··· DATA RECORDS ···
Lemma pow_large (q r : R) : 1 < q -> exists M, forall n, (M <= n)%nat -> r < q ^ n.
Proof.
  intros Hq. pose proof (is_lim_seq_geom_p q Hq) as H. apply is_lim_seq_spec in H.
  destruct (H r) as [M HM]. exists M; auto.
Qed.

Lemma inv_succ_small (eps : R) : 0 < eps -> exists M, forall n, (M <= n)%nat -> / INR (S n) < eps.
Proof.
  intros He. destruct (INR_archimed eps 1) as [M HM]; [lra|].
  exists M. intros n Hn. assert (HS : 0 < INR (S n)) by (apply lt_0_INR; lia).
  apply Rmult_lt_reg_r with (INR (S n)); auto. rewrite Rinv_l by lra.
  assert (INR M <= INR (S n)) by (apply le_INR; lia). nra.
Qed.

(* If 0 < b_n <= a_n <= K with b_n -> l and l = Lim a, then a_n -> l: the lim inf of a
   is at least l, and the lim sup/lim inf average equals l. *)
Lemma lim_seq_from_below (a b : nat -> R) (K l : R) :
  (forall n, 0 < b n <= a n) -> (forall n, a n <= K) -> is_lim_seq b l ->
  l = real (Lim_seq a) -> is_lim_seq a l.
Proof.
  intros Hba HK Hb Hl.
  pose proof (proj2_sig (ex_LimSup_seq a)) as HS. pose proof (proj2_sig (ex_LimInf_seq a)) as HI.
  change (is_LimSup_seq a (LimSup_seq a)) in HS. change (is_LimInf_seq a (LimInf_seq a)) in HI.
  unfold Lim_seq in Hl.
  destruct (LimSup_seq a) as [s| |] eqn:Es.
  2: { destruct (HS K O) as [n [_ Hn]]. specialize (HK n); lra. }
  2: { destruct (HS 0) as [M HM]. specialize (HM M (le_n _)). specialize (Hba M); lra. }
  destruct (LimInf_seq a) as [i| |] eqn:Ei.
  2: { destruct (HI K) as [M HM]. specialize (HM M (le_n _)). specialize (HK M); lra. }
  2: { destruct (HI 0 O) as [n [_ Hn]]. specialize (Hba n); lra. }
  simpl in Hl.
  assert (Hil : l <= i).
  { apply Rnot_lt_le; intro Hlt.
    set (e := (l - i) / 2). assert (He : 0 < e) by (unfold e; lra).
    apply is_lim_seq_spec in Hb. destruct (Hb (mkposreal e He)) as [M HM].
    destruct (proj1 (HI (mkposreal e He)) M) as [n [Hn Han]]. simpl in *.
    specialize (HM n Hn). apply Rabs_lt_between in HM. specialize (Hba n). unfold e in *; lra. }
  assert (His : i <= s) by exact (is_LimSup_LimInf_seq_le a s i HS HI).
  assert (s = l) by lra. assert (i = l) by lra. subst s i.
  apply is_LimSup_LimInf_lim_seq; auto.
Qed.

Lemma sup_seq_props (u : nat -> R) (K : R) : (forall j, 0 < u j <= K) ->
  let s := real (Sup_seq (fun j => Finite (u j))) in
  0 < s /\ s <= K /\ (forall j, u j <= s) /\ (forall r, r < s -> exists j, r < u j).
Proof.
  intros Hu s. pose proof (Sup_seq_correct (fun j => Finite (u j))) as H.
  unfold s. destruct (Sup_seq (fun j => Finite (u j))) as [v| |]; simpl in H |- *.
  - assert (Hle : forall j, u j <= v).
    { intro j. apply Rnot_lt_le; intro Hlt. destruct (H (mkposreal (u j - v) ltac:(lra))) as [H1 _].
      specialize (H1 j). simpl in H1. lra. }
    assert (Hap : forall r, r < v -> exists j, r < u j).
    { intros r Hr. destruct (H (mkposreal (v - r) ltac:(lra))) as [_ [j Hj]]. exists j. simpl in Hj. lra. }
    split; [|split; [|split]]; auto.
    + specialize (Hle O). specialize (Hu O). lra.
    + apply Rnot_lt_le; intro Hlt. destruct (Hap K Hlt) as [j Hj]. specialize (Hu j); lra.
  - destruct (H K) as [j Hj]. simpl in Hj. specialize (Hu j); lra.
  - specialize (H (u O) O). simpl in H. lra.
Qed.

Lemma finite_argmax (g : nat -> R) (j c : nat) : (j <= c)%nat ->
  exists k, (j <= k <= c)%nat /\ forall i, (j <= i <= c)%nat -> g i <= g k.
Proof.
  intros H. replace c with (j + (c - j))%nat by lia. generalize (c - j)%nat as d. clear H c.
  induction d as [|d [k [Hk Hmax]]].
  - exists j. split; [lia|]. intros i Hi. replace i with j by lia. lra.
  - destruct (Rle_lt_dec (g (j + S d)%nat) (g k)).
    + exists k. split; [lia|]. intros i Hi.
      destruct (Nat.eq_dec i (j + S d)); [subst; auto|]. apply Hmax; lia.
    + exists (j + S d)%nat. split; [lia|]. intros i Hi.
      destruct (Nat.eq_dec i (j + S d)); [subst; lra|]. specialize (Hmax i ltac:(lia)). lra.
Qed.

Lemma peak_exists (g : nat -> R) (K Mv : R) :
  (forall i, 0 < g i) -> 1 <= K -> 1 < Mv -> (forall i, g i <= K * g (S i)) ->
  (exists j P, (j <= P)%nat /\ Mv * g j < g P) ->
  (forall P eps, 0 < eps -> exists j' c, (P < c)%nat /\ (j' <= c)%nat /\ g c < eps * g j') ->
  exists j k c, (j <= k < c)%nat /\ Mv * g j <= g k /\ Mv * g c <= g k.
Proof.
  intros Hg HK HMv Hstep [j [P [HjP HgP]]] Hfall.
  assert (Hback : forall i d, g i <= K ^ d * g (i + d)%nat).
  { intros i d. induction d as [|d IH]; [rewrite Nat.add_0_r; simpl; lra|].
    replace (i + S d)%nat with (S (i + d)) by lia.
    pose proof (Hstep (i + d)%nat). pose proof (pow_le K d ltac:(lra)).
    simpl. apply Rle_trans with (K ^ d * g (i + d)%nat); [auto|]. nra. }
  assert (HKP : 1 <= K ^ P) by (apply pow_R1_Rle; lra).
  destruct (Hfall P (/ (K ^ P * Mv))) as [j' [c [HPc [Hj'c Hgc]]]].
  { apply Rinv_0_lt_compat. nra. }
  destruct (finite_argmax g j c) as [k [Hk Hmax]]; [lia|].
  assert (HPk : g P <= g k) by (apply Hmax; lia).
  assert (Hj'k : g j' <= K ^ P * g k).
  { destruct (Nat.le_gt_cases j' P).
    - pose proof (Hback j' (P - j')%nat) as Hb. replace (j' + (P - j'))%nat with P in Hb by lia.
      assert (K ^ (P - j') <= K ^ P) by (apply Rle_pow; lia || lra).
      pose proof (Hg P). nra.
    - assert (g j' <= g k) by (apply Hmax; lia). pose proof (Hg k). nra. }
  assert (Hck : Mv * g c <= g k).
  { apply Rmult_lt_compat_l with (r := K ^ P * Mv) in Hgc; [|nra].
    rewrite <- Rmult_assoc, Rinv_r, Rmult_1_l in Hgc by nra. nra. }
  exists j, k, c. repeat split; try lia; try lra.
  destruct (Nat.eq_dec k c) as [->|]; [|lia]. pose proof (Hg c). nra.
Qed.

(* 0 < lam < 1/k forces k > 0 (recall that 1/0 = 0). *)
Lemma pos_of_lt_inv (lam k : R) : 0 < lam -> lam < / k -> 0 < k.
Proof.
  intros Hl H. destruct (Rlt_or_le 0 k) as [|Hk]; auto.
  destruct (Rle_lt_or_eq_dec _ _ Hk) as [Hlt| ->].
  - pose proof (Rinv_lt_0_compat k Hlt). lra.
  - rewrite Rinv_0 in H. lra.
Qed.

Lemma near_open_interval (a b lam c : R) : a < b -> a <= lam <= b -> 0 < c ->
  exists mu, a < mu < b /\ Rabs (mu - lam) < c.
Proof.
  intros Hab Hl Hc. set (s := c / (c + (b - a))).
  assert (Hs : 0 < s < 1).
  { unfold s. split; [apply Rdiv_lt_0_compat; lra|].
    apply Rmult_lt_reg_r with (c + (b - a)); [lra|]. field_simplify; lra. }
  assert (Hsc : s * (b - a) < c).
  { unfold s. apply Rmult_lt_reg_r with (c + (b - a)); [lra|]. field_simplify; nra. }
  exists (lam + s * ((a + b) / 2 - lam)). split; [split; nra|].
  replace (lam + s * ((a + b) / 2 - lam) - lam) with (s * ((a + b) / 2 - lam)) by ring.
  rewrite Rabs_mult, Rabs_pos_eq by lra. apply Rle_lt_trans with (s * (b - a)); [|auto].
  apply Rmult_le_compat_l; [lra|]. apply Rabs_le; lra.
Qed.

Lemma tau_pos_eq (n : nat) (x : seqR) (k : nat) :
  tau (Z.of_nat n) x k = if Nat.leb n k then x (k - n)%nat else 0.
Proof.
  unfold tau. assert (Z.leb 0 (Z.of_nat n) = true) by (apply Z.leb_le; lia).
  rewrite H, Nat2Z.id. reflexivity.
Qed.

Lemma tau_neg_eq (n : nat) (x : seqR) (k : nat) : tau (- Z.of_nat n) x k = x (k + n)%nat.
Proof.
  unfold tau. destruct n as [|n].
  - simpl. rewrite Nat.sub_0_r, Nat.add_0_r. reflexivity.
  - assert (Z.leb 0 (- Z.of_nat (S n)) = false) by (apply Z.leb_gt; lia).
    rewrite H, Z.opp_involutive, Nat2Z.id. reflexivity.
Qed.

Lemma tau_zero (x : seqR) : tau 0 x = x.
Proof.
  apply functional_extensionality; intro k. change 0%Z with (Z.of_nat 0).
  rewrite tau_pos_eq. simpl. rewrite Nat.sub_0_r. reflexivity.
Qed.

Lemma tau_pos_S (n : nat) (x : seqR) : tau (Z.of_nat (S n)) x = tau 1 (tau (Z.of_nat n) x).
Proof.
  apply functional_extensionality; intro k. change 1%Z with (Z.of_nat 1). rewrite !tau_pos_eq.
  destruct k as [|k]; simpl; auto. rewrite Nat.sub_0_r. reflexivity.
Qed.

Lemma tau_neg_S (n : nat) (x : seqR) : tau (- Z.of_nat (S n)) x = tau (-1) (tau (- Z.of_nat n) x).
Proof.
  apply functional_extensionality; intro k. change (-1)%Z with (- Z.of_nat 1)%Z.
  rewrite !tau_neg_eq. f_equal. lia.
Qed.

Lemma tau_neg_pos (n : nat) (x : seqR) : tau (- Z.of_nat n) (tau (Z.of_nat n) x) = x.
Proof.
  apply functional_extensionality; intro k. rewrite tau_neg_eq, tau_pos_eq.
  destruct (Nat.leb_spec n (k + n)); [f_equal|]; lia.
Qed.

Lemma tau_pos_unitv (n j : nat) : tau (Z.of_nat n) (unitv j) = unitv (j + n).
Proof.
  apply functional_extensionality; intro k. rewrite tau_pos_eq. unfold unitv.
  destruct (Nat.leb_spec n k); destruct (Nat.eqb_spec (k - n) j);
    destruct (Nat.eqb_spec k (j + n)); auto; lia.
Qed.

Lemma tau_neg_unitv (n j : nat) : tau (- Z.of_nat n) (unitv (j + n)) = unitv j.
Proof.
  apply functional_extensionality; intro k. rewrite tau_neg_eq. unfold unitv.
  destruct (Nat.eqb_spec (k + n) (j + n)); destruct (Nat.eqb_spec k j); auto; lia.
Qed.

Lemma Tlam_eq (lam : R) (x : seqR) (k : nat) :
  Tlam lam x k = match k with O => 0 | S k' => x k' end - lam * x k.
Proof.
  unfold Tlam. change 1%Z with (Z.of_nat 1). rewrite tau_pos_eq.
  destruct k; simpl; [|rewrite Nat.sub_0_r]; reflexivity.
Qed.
···
> EXERCISE REQUIREMENTS:
Please copy the lines in the records above between the one holding "intros Hq. pose" and the one holding "destruct (LimInf_seq a) as [i| |] eqn:Ei.", inclusive, exactly and with no other line.

> REPLY:
  intros Hq. pose proof (is_lim_seq_geom_p q Hq) as H. apply is_lim_seq_spec in H.
  destruct (H r) as [M HM]. exists M; auto.
Qed.

Lemma inv_succ_small (eps : R) : 0 < eps -> exists M, forall n, (M <= n)%nat -> / INR (S n) < eps.
Proof.
  intros He. destruct (INR_archimed eps 1) as [M HM]; [lra|].
  exists M. intros n Hn. assert (HS : 0 < INR (S n)) by (apply lt_0_INR; lia).
  apply Rmult_lt_reg_r with (INR (S n)); auto. rewrite Rinv_l by lra.
  assert (INR M <= INR (S n)) by (apply le_INR; lia). nra.
Qed.

(* If 0 < b_n <= a_n <= K with b_n -> l and l = Lim a, then a_n -> l: the lim inf of a
   is at least l, and the lim sup/lim inf average equals l. *)
Lemma lim_seq_from_below (a b : nat -> R) (K l : R) :
  (forall n, 0 < b n <= a n) -> (forall n, a n <= K) -> is_lim_seq b l ->
  l = real (Lim_seq a) -> is_lim_seq a l.
Proof.
  intros Hba HK Hb Hl.
  pose proof (proj2_sig (ex_LimSup_seq a)) as HS. pose proof (proj2_sig (ex_LimInf_seq a)) as HI.
  change (is_LimSup_seq a (LimSup_seq a)) in HS. change (is_LimInf_seq a (LimInf_seq a)) in HI.
  unfold Lim_seq in Hl.
  destruct (LimSup_seq a) as [s| |] eqn:Es.
  2: { destruct (HS K O) as [n [_ Hn]]. specialize (HK n); lra. }
  2: { destruct (HS 0) as [M HM]. specialize (HM M (le_n _)). specialize (Hba M); lra. }
  destruct (LimInf_seq a) as [i| |] eqn:Ei.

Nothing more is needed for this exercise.